Wednesday, August 6, 2014

running towards the wreckage


Ever since I was a kid, I've spent a good amount of time at the beach. And now that I go to school near the mountains, I'm not as fond of it. The sand is sticky and the air is salty and the pace of life is different, slower. But I still haven't outgrown my love for the expanse of untouched waters where the skyline is visible, or lazy walks down the shore and back. Tonight I took one of those walks.

Each time I walk, whether I plan to or not, my eyes constantly scan the ground beneath my feet, searching for shells. I know what to look for- the ones I've always liked: the scalloped ones or the pure white ones or the ones with really deep grooves. But I, just like most every other person that has ever searched for seashells, will only deem the shell acceptable if it is without blemish, fault, or stain.

Tonight as I looked, I kept picking up shells and tossing them back, because they were damaged. And then I found this one:

That's one of those pure white ones. It is not cracked or dented or covered with anything. It looks perfect, so I shove the shell in my pocket, happy to have found it. 

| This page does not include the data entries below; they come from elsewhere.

Lemma sort_fset1U_min (b : nat) (X : {fset nat}) : (forall x, x \in X -> b < x)%N ->
  sort leq (b |` X) = b :: sort leq X.
Proof.
move=> hX; apply: (sorted_eq leq_trans anti_leq).
- exact: sort_sorted leq_total _.
- rewrite /= path_sortedE; last exact: leq_trans.
  rewrite sort_sorted ?andbT; last exact: leq_total.
  by apply/allP => x; rewrite mem_sort => /hX /ltnW.
apply: uniq_perm.
- by rewrite sort_uniq fset_uniq.
- rewrite /= sort_uniq fset_uniq andbT mem_sort; apply/negP => /hX.
  by rewrite ltnn.
by move=> x; rewrite in_cons !mem_sort !inE.
Qed.

Lemma fset_ind_min (P : {fset nat} -> Prop) : P fset0 ->
  (forall b X, (forall x, x \in X -> b < x)%N -> P X -> P (b |` X)) ->
  forall A, P A.
Proof.
move=> P0 PS A; move: {2}(sort leq A) (erefl (sort leq A)) => l.
elim: l A => [|b l IH] A eA.
  suff -> : A = fset0 by [].
  by apply/eqP; rewrite -cardfs_eq0 -(size_sort leq) eA.
have bA : b \in A by rewrite -(mem_sort leq) eA inE eqxx.
have sl : sorted leq (b :: l) by rewrite -eA; exact: (sort_sorted leq_total).
have hX : forall x, x \in A `\ b -> (b < x)%N.
  move=> x; rewrite !inE => /andP [nxb xA].
  have : x \in l by move: xA; rewrite -(mem_sort leq) eA inE (negbTE nxb).
  move: sl; rewrite /= path_sortedE; last exact: leq_trans.
  by case/andP => /allP h _ /h; rewrite leq_eqVlt eq_sym (negbTE nxb).
rewrite -(fsetD1K bA); apply: PS => //; apply: IH.
by have := sort_fset1U_min hX; rewrite fsetD1K // eA => -[].
Qed.

Definition nbelow (R : pred nat) (i : nat) := count R (iota 0 i).

Lemma nbelowS (R : pred nat) i : nbelow R i.+1 = (nbelow R i + R i)%N.
Proof. by rewrite /nbelow -addn1 iotaD count_cat /= add0n addn0. Qed.

Lemma leq_nbelow (R : pred nat) i j : (i <= j)%N -> (nbelow R i <= nbelow R j)%N.
Proof. by move/subnKC => <-; rewrite /nbelow iotaD count_cat leq_addr. Qed.

Lemma nbelow_inj (R : pred nat) i j : R i -> R j -> nbelow R i = nbelow R j -> i = j.
Proof.
move=> Ri Rj e; case: (ltngtP i j) => // h.
  by have := leq_nbelow R h; rewrite nbelowS Ri -e addn1 ltnn.
by have := leq_nbelow R h; rewrite nbelowS Rj e addn1 ltnn.
Qed.

Definition has_more (R : pred nat) (n : nat) := exists i, (n < nbelow R i)%N.

Lemma nbelow_onto (R : pred nat) n : has_more R n -> exists2 i, R i & nbelow R i = n.
Proof.
case/ex_minnP => -[|m]; first by rewrite /nbelow.
rewrite nbelowS => hm hmin; have : ~~ (n < nbelow R m)%N by apply/negP => /hmin; lia.
by case: (boolP (R m)) hm => Rm /=; [exists m => //; lia | lia].
Qed.

Definition relabelling (P Q : pred nat) :=
  exists s t : nat -> nat, [/\ cancel s t, cancel t s & forall i, Q (s i) = P i].

(* i is matched with the letter m of the same colour having the same rank in its colour. *)
Definition rank_match (P Q : pred nat) (i m : nat) :=
  (Q m == P i) && (nbelow (fun k => Q k == P i) m == nbelow (fun k => P k == P i) i).

Lemma rank_match_exists (P Q : pred nat) :
  (forall b n, has_more (fun k => P k == b) n -> has_more (fun k => Q k == b) n) ->
  forall i, exists m, rank_match P Q i m.
Proof.
move=> PQ i; have [m /eqP QmPi em] : exists2 m, Q m == P i &
    nbelow (fun k => Q k == P i) m = nbelow (fun k => P k == P i) i.
  by apply/nbelow_onto/PQ; exists i.+1; rewrite nbelowS eqxx addn1.
by exists m; rewrite /rank_match QmPi em !eqxx.
Qed.

Lemma rank_match_cancel (P Q : pred nat) (s t : nat -> nat) :
  (forall i, rank_match P Q i (s i)) -> (forall m, rank_match Q P m (t m)) -> cancel s t.
Proof.
move=> hs ht i; move: (hs i) (ht (s i)) => /andP [/eqP e1 /eqP e2] /andP [/eqP e3 /eqP e4].
rewrite e1 in e3 e4; rewrite e2 in e4.
by apply: (@nbelow_inj (fun k => P k == P i)); rewrite /= ?e3 ?eqxx.
Qed.

Lemma relabelling_of_sizes (P Q : pred nat) :
  (forall b n, has_more (fun k => P k == b) n <-> has_more (fun k => Q k == b) n) ->
  relabelling P Q.
Proof.
move=> same_sizes.
have ms := rank_match_exists (fun b n => (same_sizes b n).1).
have mt := rank_match_exists (fun b n => (same_sizes b n).2).
exists (fun i => xchoose (ms i)), (fun m => xchoose (mt m)); split.
- by apply: (@rank_match_cancel P Q) => i; apply: xchooseP.
- by apply: (@rank_match_cancel Q P) => i; apply: xchooseP.
- by move=> i; have /andP [/eqP -> _] := xchooseP (ms i).
Qed.

Definition unbounded (R : pred nat) := forall N, exists2 i, (N <= i)%N & R i.
Definition bounded_by (R : pred nat) N := forall i, (N <= i)%N -> ~~ R i.

Lemma has_more_unbounded (R : pred nat) n : unbounded R -> has_more R n.
Proof.
move=> uR; elim: n => [|n [i hi]].
  by have [i _ Ri] := uR 0%N; exists i.+1; rewrite nbelowS Ri addn1.
have [j ij Rj] := uR i; exists j.+1; rewrite nbelowS Rj.
by have := leq_nbelow R ij; lia.
Qed.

And as I continue to walk, I find this: 

This is one of those shells I like with deep grooves, except for most of it has been ripped off, lost at sea or buried under the sand. So I toss it back, unsatisfied. But before I can even stand up and keep walking, I bend back down and pick it up and stick it into my pocket too, not really sure why. 

And then I get it.

I was that shell, the damaged one. And without any doubt or hesitation, Jesus picked me up and smiled in the midst of my brokenness and took that on. He decided to bear the weight of being broken, and He washed me and made me white and pure and whole. He didn't see the white shell as more valuable than the chipped one. He didn't love one more than the other. In fact, Jesus was drawn to the blemished people, the ones that were disregarded and ignored and taunted. He was drawn to me. And in the midst of your brokenness, He was drawn to you too.

All too often I realize that I overlook the beauty in broken people- all I see is the mess and I decide that it will take too long to dig through to find the beautiful parts underneath. But Jesus sees that there is beauty in the mess, in the damage, in the missing pieces. When I see the wreckage, I pretend that I don't notice it, but He runs in its direction, because He cares too much to leave it like that. And tonight, Jesus used something as small and as silly as seashells to remind me that He wants me to do that too.